One day after the Ninth Circuit Court of Appeals overturned a Seattle judge’s ruling that had shut down the Southeast Alaska chinook troll fishery, the Alaska Department of Fish and Game delivered the catch limit news to the troll fishermen, specifying the number of kings they are allowed to catch during the upcoming season.

Commercial trollers will have a total allocation of 74,800 chinook salmon during the first retention period, which begins July 1. Based on data from past years, the department thinks that the goal will be reached in 9-10 days, depending on weather.

The Alaska Department of Fish and Game had already announced that between October 2022 and September 30, 2023, trollers would be permitted to harvest 149,100 treaty chinook. Those are not fish originating from Alaska hatcheries. This represents a reduction of 44,100 fish compared to the previous year, amounting to a 30% decrease.

The adjustment in harvest limits can be attributed to the Pacific Salmon Commission’s implementation of a more conservative approach to setting chinook harvest caps for Southeast Alaska. As the regulatory body overseeing fishing practices along the West Coast of the United States and Canada, the PSC makes the catch allocations between the two countries under the U.S.-Canada Pacific Salmon Treaty.

Following the allocation decision, the Alaska Board of Fisheries must approve the management plans that divide the state’s catch among various gear types and user groups.

More information on the exact details of the commercial Southeast chinook fishery can be found at this ADF&G announcement.

Meanwhile, Wild Fish Conservancy, which brought the lawsuit to try to shut down commercial king trolling in Southeast Alaska, said “the appeals process is just beginning,” indicating that the group may make an appeal to the U.S. Supreme Court. That appeal could likely be after the July troll fishery, which is is just four days away.

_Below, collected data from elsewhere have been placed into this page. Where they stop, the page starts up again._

(* Let $\mathcal C$ be a category with a zero object and finite coproducts, $X$ an object of $\mathcal C$, and $r\in End_{\mathcal C}(X)[2]=Hom_{\mathcal C}(X,X\sqcup X)$ a formal difference law in the endomorphism $\Gamma$-ring $End_{\mathcal C}(X)$. Then $w=p^3_2\circ p^4_2(r^2)\in Hom_{\mathcal C}(X,X\sqcup X)$ is the coaddition of an abelian cogroup object structure on $X$ whose co-inverse is $p^2_1(r)\in Hom_{\mathcal C}(X,X)$ (and whose counit is the zero morphism, $s^2_{1,2,1}(r)=0$). Moreover, the multiplicative map $H\mathbb Z\to End_{\mathcal C}(X)$ determined by $r$ (with $\pm1_n\mapsto r^n$) coincides with the map associated to this abelian cogroup structure, namely at $[k]$ the additive extension $\tilde{\mathbb Z}[k]\to Hom_{\mathcal C}(X,X\wedge[k])$ of the map sending $i\in\{1,\dots,k\}$ to the $i$-th coproduct inclusion $X\to X\wedge[k]$ (addition in $Hom_{\mathcal C}(X,X\wedge[k])$ being induced by the cogroup structure).
   Context: Let $[n]=\{0,1,\dots,n\}$, pointed at $0$. A $\Gamma$-space is a functor $F$ from the finite pointed sets $[n]$ (with pointed maps) to pointed simplicial sets with $F[0]$ a point; for a pointed map $f$ we write $f$ also for $F(f)$; $\Sigma_n$ acts on $F[n]$ via permutations of $\{1,\dots,n\}$. We identify $[n]\wedge[m]$ with $[nm]$ via $i\wedge j\mapsto (j-1)n+i$. A $\Gamma$-ring is a $\Gamma$-space $R$ with unit $1\in R[1]$ and associative unital multiplication given by natural maps $R(K)\wedge R(L)\to R(K\wedge L)$, $p\wedge q\mapsto pq$; $0\in R[1]$ denotes the basepoint. For $x\in R[2]$, $x^k\in R[2^k]$ is the $k$-fold product. For $\mathcal C$ with zero object and finite coproducts, $X\wedge[k]=X\sqcup\dots\sqcup X$ ($k$ copies; indexed by $\{1,\dots,k\}$, $X\wedge[0]=0$), functorial in pointed maps of $[k]$ (index $0$ going to the zero object). The endomorphism $\Gamma$-ring is $End_{\mathcal C}(X)[k]=Hom_{\mathcal C}(X,X\wedge[k])$ (pointed at the zero map), with unit $\mathrm{id}_X\in End_{\mathcal C}(X)[1]$ and multiplication $f\wedge g\mapsto (f\wedge[l])\circ g$ for $f\in End_{\mathcal C}(X)[k]$, $g\in End_{\mathcal C}(X)[l]$. Maps: $p^n_i:[n]\to[n-1]$, $p^n_i(j)=j$ ($j<i$), $p^n_i(i)=0$, $p^n_i(j)=j-1$ ($j>i$); for $1\le i<j\le n$ and $1\le k\le n-1$, $s^n_{i,j,k}:[n]\to[n-1]$ sends $0\mapsto0$, $i,j\mapsto k$, and the remaining elements order-preservingly and bijectively onto $\{1,\dots,n-1\}\setminus\{k\}$; $d^n_j:[n-1]\to[n]$ is the order-preserving injection missing $j$. $H\mathbb{Z}$ is the $\Gamma$-ring with $H\mathbb{Z}(K)=\tilde{\mathbb Z}[K]$ the reduced free abelian group on $K$, pointed maps acting by summing coefficients along fibres, unit the inclusion of generators, multiplication $(\sum a_k k)(\sum b_l l)=\sum a_kb_l (k\wedge l)$; $\pm1_n=(1,-1)^n\in H\mathbb{Z}[2^n]$. For $k\ge1$, split $\{1,\dots,2^k\}=A_+\sqcup A_-$ where $i\in A_+$ iff the binary expansion of $i-1$ has an even number of digits $1$. The special action of $\Sigma_{2^{k-1}}\times\Sigma_{2^{k-1}}$ on $F[2^k]$ is the action of the group of permutations of $\{1,\dots,2^k\}$ preserving $A_+$ and $A_-$. Let $\sigma$ be the nontrivial element of $\Sigma_2$. A formal difference law in $R$ is $r\in R[2]$ such that: (1) $p^2_2(r)=1$ and $s^2_{1,2,1}(r)=0$; (2) $p^2_1(r)\,r=r\,p^2_1(r)=\sigma(r)$ in $R[2]$; (3) for every $k\ge1$, $r^k$ is fixed under the special action; (4) for every $k\ge1$, all $1\le i<j\le 2^k$ with one of $i,j$ in $A_+$ and the other in $A_-$, and all $1\le l\le 2^k-1$: $s^{2^k}_{i,j,l}(r^k)=d^{2^k-1}_l\,p^{2^k-1}_i\,p^{2^k}_j(r^k)$. *)

From HB Require Import structures.
From mathcomp Require Import all_boot all_order all_algebra.
Unset Printing Implicit Defensive.
Import GRing.Theory.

  1. If you want Chinook numbers to come back then the logical thing to do is not harvest anymore instead of making up excuses to continue harvesting. Alaska dept. of F & G have for many years been poor managers of the same.

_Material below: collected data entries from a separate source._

(* Let $\mu$ be a finite Borel measure on $\mathbb{R}^d$ and suppose there exists a frame measure $\nu$ for $\mu$ with frame bounds $A,B>0$. Assume in addition that there exist a Borel set $F\subset\mathbb{R}^d$ with $\mu(F)>0$ and a vector $a\in\mathbb{R}^d$ such that $T_a(\mu|_{F+a})\ll\mu$. Then $$\frac{B}{A}\geq\left\|\frac{dT_a(\mu|_{F+a})}{d\mu}\right\|_{L^\infty(\mu)}.$$
   Context: For $t,x\in\mathbb{R}^d$ let $e_t(x)=e^{2\pi i t\cdot x}$. For a finite Borel measure $\mu$ and $f\in L^1(\mu)$, $\widehat{f\,d\mu}(t)=\int f(x)e^{-2\pi i t\cdot x}\,d\mu(x)$. A Borel measure $\nu$ on $\mathbb{R}^d$ is a frame measure for $\mu$ with frame bounds $A,B>0$ if $A\|f\|_{L^2(\mu)}^2\le \|\widehat{f\,d\mu}\|_{L^2(\nu)}^2\le B\|f\|_{L^2(\mu)}^2$ for all $f\in L^2(\mu)$; it is a tight frame measure if one can take $A=B$. For a Borel set $E$, $\mu|_E(G):=\mu(E\cap G)$; for $a\in\mathbb{R}^d$, $T_a\mu(G):=\mu(G+a)$ for Borel $G$ (so $\int f\,dT_a\mu=\int f(x-a)\,d\mu(x)$). $\frac{d\omega}{d\mu}$ denotes the Radon–Nikodym derivative and $\|\cdot\|_{L^\infty(\mu)}$ the $\mu$-essential supremum. *)

From HB Require Import structures.
From mathcomp Require Import all_boot all_order all_algebra.
From mathcomp Require Import all_classical all_reals all_analysis.
From mathcomp Require Import complex.
From mathcomp Require Import ess_sup_inf.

  2. Suzanne, I would respectfully ask that you please not allow yourself to fall prey to the radical leftist, Orwellian redefinition of words, as you did with the headline here.

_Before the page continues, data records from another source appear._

(* For parameters $(x_1,x_2,\xi_1,\xi_2)\in\mathbb{R}^{4n}$ consider the first-order differential operator on $L^2(\mathbb{R}_t)$ $$\tilde P=iD_t+a(t,\xi_2,\xi_1+t\xi_2)F(x_2-tx_1).$$ There exists a constant $C>0$ such that for all $u\in\mathscr S(\mathbb{R}_t)$ and all $(x_1,x_2,\xi_1,\xi_2)\in\mathbb{R}^{4n}$, $$\big\|(1+\langle x_1\rangle^{\frac{2\sigma}{2\sigma+1}}+\langle x_2-tx_1\rangle^{2\sigma})u\big\|_{L^2(\mathbb{R}_t)}\le C\big(\|\tilde Pu\|_{L^2(\mathbb{R}_t)}+\|u\|_{L^2(\mathbb{R}_t)}\big).$$
   Context: $0<\sigma<1$, $n\ge1$. $a\in C_b^\infty(\mathbb{R}^{2n+1})$ (smooth, all derivatives bounded) with $a(t,\xi,\eta)\ge a_0>0$ for all $(t,\xi,\eta)\in\mathbb{R}\times\mathbb{R}^n\times\mathbb{R}^n$. $w\in C^\infty(\mathbb{R}^n)$ with $0\le w\le1$, $w=1$ on $\{|\eta|\ge2\}$, $w=0$ on $\{|\eta|\le1\}$, and $F(x)=|x|^{2\sigma}w(x)+|x|^2(1-w(x))$. $D_t=(2\pi i)^{-1}\partial_t$, $\langle x\rangle=(1+|x|^2)^{1/2}$. In the estimate, $\langle x_2-tx_1\rangle^{2\sigma}$ acts as multiplication by a function of $t$. *)

From Stdlib Require Import Reals Lra List.
From Stdlib Require Fin.
Open Scope R_scope.

Definition vec (n : nat) := Fin.t n -> R.

Fixpoint fsum (n : nat) : (Fin.t n -> R) -> R :=
  match n return (Fin.t n -> R) -> R with
  | O => fun _ => 0
  | S m => fun f => f Fin.F1 + fsum m (fun i => f (Fin.FS i))
  end.

Definition vnorm {n} (x : vec n) : R := sqrt (fsum n (fun i => x i ^ 2)).
Definition vadd {n} (x y : vec n) : vec n := fun i => x i + y i.
Definition vscal {n} (c : R) (x : vec n) : vec n := fun i => c * x i.
Definition vsub {n} (x y : vec n) : vec n := fun i => x i - y i.
Definition vshift {n} (x : vec n) (i : Fin.t n) (s : R) : vec n :=
  fun j => if Fin.eq_dec i j then x j + s else x j.

Definition jbr {n} (x : vec n) : R := sqrt (1 + vnorm x ^ 2).

Definition rpow (r y : R) : R := if Rle_dec r 0 then 0 else Rpower r y.

(** Existence of all iterated partial derivatives along directions Dir:
    D l is the iterated partial derivative in the directions of l
    (the head of the list being the last derivative applied). *)
Definition partial_family {X Dir : Type} (move : X -> Dir -> R -> X)
  (f : X -> R) (D : list Dir -> X -> R) : Prop :=
  (forall x, D nil x = f x) /\
  (forall l d x, derivable_pt_lim (fun s => D l (move x d s)) 0 (D (d :: l) x)).

Definition move3 {n} (p : R * vec n * vec n) (d : option (Fin.t n + Fin.t n)) (s : R)
  : R * vec n * vec n :=
  match p with
  | (t, xi, eta) =>
    match d with
    | None => (t + s, xi, eta)
    | Some (inl i) => (t, vshift xi i s, eta)
    | Some (inr i) => (t, xi, vshift eta i s)
    end
  end.

Definition Cb_inf3 {n} (a : R -> vec n -> vec n -> R) : Prop :=
  exists D, partial_family (@move3 n) (fun p => match p with (t, xi, eta) => a t xi eta end) D
    /\ forall l, exists M, forall p, Rabs (D l p) <= M.

Definition continuous_vec {n} (g : vec n -> R) : Prop :=
  forall x eps, 0 < eps -> exists delta, 0 < delta /\
    forall y, (forall i, Rabs (y i - x i) < delta) -> Rabs (g y - g x) < eps.

Definition smooth_vec {n} (w : vec n -> R) : Prop :=
  exists D, partial_family (@vshift n) w D /\ forall l, continuous_vec (D l).

Definition schwartz (u : R -> R) : Prop :=
  exists D : nat -> R -> R, (forall t, D O t = u t) /\
    (forall k t, derivable_pt_lim (D k) t (D (S k) t)) /\
    (forall k m, exists C, forall t, Rabs t ^ m * Rabs (D k t) <= C).

Definition Ffun {n} (sigma : R) (w : vec n -> R) (x : vec n) : R :=
  rpow (vnorm x) (2 * sigma) * w x + vnorm x ^ 2 * (1 - w x).

Definition mult {n} (sigma : R) (a : R -> vec n -> vec n -> R) (w : vec n -> R)
  (x1 x2 xi1 xi2 : vec n) (t : R) : R :=
  a t xi2 (vadd xi1 (vscal t xi2)) * Ffun sigma w (vsub x2 (vscal t x1)).

Definition weight {n} (sigma : R) (x1 x2 : vec n) (t : R) : R :=
  1 + Rpower (jbr x1) (2 * sigma / (2 * sigma + 1))
    + Rpower (jbr (vsub x2 (vscal t x1))) (2 * sigma).

Definition int_on (g : R -> R) (a b I : R) : Prop :=
  exists pr : Riemann_integrable g a b, RiemannInt pr = I.

(** For a nonnegative integrand g: integral of g over R equals I
    (as the supremum of the integrals over [-N, N]). *)
Definition int_R (g : R -> R) (I : R) : Prop :=
  is_lub (fun y => exists N, 0 <= N /\ int_on g (- N) N y) I.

    “Fishers” are an animal in the Mustelidae (Weasel family).

    “Fishermen” are those (humans), of either sex, who catch fish.

    • I was aiming for character efficiency in the 3-deck headline. (And I’ve also routinely called them fishers for 20 years, before fashionable.) – sd

    • Jefferson:
      Before you attempt to correct Suzanne for her use of the word “Fisher” you might consider the Oxford, Cambridge, and Webster dictionary definitions. The first definition in those dictionaries states clearly that “Fisher” is a person who fishes. Other definitions from other dictionaries state the same. I am pretty sure that not all of these definitions are a re- definition from radical leftists. Some may even pre-date the term radical leftist.
      Fisher is a non gender term used for all who engage in sport or commercial fishing. The animal “fisher” is a word very seldom used, and I believe never the first definition in any dictionary.
      Caution is in order whenever you contest the use of a word by Suzanne Downing. You get in over your head rapidly. I mean
      quickly. No, I mean “ in a hurry”.

      • AF, common usage of the words over my lifetime, and well before, clearly demonstrates, or at least demonstrated (past tense), until very recently, that a person engaged in the act of fishing was a “fisherman”, and a “fisher” was an animal.

        You can argue the semantics all you want, but until recent years, virtually NOBODY used the word “fisher” to mean “fisherman”.

        • Wow Jefferson. I was trying to put a humorous spin on your critique of Suzanne’s use of “ Fisher” . I was simply letting you know that all the dictionaries I read said Fishers were people who fished. Don’t know about “ recent” years but most people I know used “ fishers” and “ fishermen”.
          This is not about semantics. It’s about your misplaced criticism of Suzanne. Lighten up a bit. I mean, give her a break. Or something like that.

  3. So, the hundred year old Southeast Alaska Mom & Pop troll fishery gets an allocation of 74,000 king salmon & the relatively new Seattle based factory trawl fleet in the Bering Sea has a bycatch cap of 55,000 kings & the Gulf of Alaska trawl fleet doesn’t even have any restrictions on the amount of king salmon bycatch, I believe! Maybe Senator Sullivan should look into this.